(Stored items)

------------------------------------------------------------

(* Let $X$ be a G-space and suppose there exists a hypercyclic operator $T_0\in L(X)$. Then every $A\in\Sigma(X)$ is an orbit, i.e. there exist $T\in L(X)$ and $x\in X$ with $A=O(T,x)=\{T^nx:n\in\mathbb{Z}_+\}$.
   Context: All topological vector spaces are Hausdorff, over $\mathbb{K}\in\{\mathbb{R},\mathbb{C}\}$. For a topological vector space $X$, $L(X)$ is the algebra of continuous linear operators on $X$ and $GL(X)$ is the group of invertible $T\in L(X)$ with $T^{-1}\in L(X)$. ''Countable'' means infinite countable. $\Sigma(X)$ denotes the set of all countable dense linearly independent subsets of $X$. $T\in L(X)$ is hypercyclic if there is $x\in X$ (a hypercyclic vector) whose orbit $O(T,x)=\{T^nx:n\in\mathbb{Z}_+\}$ is dense in $X$. A locally convex space $X$ is a G-space if $\Sigma(X)\neq\varnothing$ and $GL(X)$ acts transitively on $\Sigma(X)$ (i.e. for all $A,B\in\Sigma(X)$ there is $J\in GL(X)$ with $J(A)=B$). A subset $A\subseteq X$ is called an orbit if $A=O(T,x)$ for some $T\in L(X)$, $x\in X$. *)

From Stdlib Require Import Reals List.
Open Scope R_scope.

Inductive Kind := KReal | KCplx.

Definition scal (k : Kind) : Type :=
  match k with KReal => R | KCplx => (R * R)%type end.

Definition szero (k : Kind) : scal k :=
  match k return scal k with KReal => 0 | KCplx => (0, 0) end.
Definition sone (k : Kind) : scal k :=
  match k return scal k with KReal => 1 | KCplx => (1, 0) end.
Definition sadd (k : Kind) : scal k -> scal k -> scal k :=
  match k return scal k -> scal k -> scal k with
  | KReal => Rplus
  | KCplx => fun a b => (fst a + fst b, snd a + snd b) end.
Definition sopp (k : Kind) : scal k -> scal k :=
  match k return scal k -> scal k with
  | KReal => Ropp
  | KCplx => fun a => (- fst a, - snd a) end.
Definition smul (k : Kind) : scal k -> scal k -> scal k :=
  match k return scal k -> scal k -> scal k with
  | KReal => Rmult
  | KCplx => fun a b => (fst a * fst b - snd a * snd b,
                         fst a * snd b + snd a * fst b) end.
Definition sabs (k : Kind) : scal k -> R :=
  match k return scal k -> R with
  | KReal => Rabs
  | KCplx => fun a => sqrt (fst a * fst a + snd a * snd a) end.
Definition sofR (k : Kind) : R -> scal k :=
  match k return R -> scal k with
  | KReal => fun t => t
  | KCplx => fun t => (t, 0) end.

Record TVS (k : Kind) := {
  car :> Type;
  vadd : car -> car -> car;
  vzero : car;
  vopp : car -> car;
  vscal : scal k -> car -> car;
  vadd_assoc : forall x y z, vadd x (vadd y z) = vadd (vadd x y) z;
  vadd_comm : forall x y, vadd x y = vadd y x;
  vadd_0 : forall x, vadd x vzero = x;
  vadd_opp : forall x, vadd x (vopp x) = vzero;
  vscal_distr_v : forall (a : scal k) (x y : car), vscal a (vadd x y) = vadd (vscal a x) (vscal a y);
  vscal_distr_s : forall (a b : scal k) (x : car), vscal (sadd k a b) x = vadd (vscal a x) (vscal b x);
  vscal_assoc : forall (a b : scal k) (x : car), vscal (smul k a b) x = vscal a (vscal b x);
  vscal_1 : forall x, vscal (sone k) x = x;
  vopen : (car -> Prop) -> Prop;
  vopen_full : vopen (fun _ => True);
  vopen_inter : forall U V, vopen U -> vopen V -> vopen (fun x => U x /\ V x);
  vopen_union : forall F : (car -> Prop) -> Prop,
      (forall U, F U -> vopen U) -> vopen (fun x => exists U, F U /\ U x);
  vhausdorff : forall x y, x <> y -> exists U V, vopen U /\ vopen V /\ U x /\ V y /\
      (forall z, ~ (U z /\ V z));
  vadd_cont : forall x y W, vopen W -> W (vadd x y) ->
      exists U V, vopen U /\ vopen V /\ U x /\ V y /\
        (forall u v, U u -> V v -> W (vadd u v));
  vscal_cont : forall (a : scal k) (x : car) W, vopen W -> W (vscal a x) ->
      exists eps U, eps > 0 /\ vopen U /\ U x /\
        (forall (b : scal k) u, sabs k (sadd k b (sopp k a)) < eps -> U u -> W (vscal b u))
}.

Arguments vadd {k X} : rename.
Arguments vzero {k} X : rename.
Arguments vscal {k X} : rename.
Arguments vopen {k X} : rename.

Section Defs.
Context {k : Kind} (X : TVS k).

Definition convex (V : X -> Prop) : Prop :=
  forall x y t, V x -> V y -> 0 <= t <= 1 ->
    V (vadd (vscal (sofR k t) x) (vscal (sofR k (1 - t)) y)).

Definition locally_convex : Prop :=
  forall U : X -> Prop, vopen U -> U (vzero X) ->
    exists V : X -> Prop, vopen V /\ V (vzero X) /\ convex V /\
      (forall x, V x -> U x).

Definition dense (A : X -> Prop) : Prop :=
  forall U : X -> Prop, vopen U -> (exists x, U x) -> exists x, U x /\ A x.

Definition countable_inf (A : X -> Prop) : Prop :=
  exists e : nat -> X, (forall m n, e m = e n -> m = n) /\
    (forall y, A y <-> exists n, e n = y).

Fixpoint lsum (l : list (scal k * X)) : X :=
  match l with
  | nil => vzero X
  | p :: l' => vadd (vscal (fst p) (snd p)) (lsum l')
  end.

Definition lin_indep (A : X -> Prop) : Prop :=
  forall l : list (scal k * X), NoDup (map snd l) ->
    Forall (fun p => A (snd p)) l -> lsum l = vzero X ->
    Forall (fun p => fst p = szero k) l.

Definition Sigma (A : X -> Prop) : Prop :=
  countable_inf A /\ dense A /\ lin_indep A.

Definition linear (T : X -> X) : Prop :=
  (forall x y, T (vadd x y) = vadd (T x) (T y)) /\
  (forall a x, T (vscal a x) = vscal a (T x)).

Definition continuous (T : X -> X) : Prop :=
  forall U : X -> Prop, vopen U -> vopen (fun x => U (T x)).

Definition Lop (T : X -> X) : Prop := linear T /\ continuous T.

Definition GLop (T : X -> X) : Prop :=
  Lop T /\ exists S, Lop S /\ (forall x, S (T x) = x) /\ (forall x, T (S x) = x).

Definition orbit (T : X -> X) (x : X) : X -> Prop :=
  fun y => exists n : nat, y = Nat.iter n T x.

Definition hypercyclic (T : X -> X) : Prop :=
  Lop T /\ exists x, dense (orbit T x).

Definition image (J : X -> X) (A : X -> Prop) : X -> Prop :=
  fun y => exists x, A x /\ J x = y.

Definition G_space : Prop :=
  locally_convex /\ (exists A, Sigma A) /\
  (forall A B, Sigma A -> Sigma B ->
     exists J, GLop J /\ forall y, image J A y <-> B y).

End Defs.

(** Let [x0] be a hypercyclic vector of [T0].  The orbit [O(T0,x0)] lies in
    [Sigma(X)]: it is dense, and it is linearly independent, since otherwise
    it would lie in the span [F] of [x0, ..., T0^(N-1) x0]; finite-dimensional
    subspaces of a Hausdorff TVS are closed, so density forces [F = X], which
    contradicts (Steinitz) the infinite independent sequence enumerating any
    element of [Sigma(X)].  Transitivity then gives [J] in [GL(X)] with
    [J(O(T0,x0)) = A], whence [A = O(J T0 J^-1, J x0)]. *)

From Pilot Require Import Defs.
From Stdlib Require Import Reals List Lra Lia FinFun.
From Stdlib Require Import Classical ClassicalEpsilon FunctionalExtensionality PropExtensionality.
From Coquelicot Require Complex.
Open Scope R_scope.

------------------------------------------------------------

What you have to do — Where a line above holds the string "there", copy that line.

Solution to this exercise —
(* Let $X$ be a G-space and suppose there exists a hypercyclic operator $T_0\in L(X)$. Then every $A\in\Sigma(X)$ is an orbit, i.e. there exist $T\in L(X)$ and $x\in X$ with $A=O(T,x)=\{T^nx:n\in\mathbb{Z}_+\}$.
   Context: All topological vector spaces are Hausdorff, over $\mathbb{K}\in\{\mathbb{R},\mathbb{C}\}$. For a topological vector space $X$, $L(X)$ is the algebra of continuous linear operators on $X$ and $GL(X)$ is the group of invertible $T\in L(X)$ with $T^{-1}\in L(X)$. ''Countable'' means infinite countable. $\Sigma(X)$ denotes the set of all countable dense linearly independent subsets of $X$. $T\in L(X)$ is hypercyclic if there is $x\in X$ (a hypercyclic vector) whose orbit $O(T,x)=\{T^nx:n\in\mathbb{Z}_+\}$ is dense in $X$. A locally convex space $X$ is a G-space if $\Sigma(X)\neq\varnothing$ and $GL(X)$ acts transitively on $\Sigma(X)$ (i.e. for all $A,B\in\Sigma(X)$ there is $J\in GL(X)$ with $J(A)=B$). A subset $A\subseteq X$ is called an orbit if $A=O(T,x)$ for some $T\in L(X)$, $x\in X$. *)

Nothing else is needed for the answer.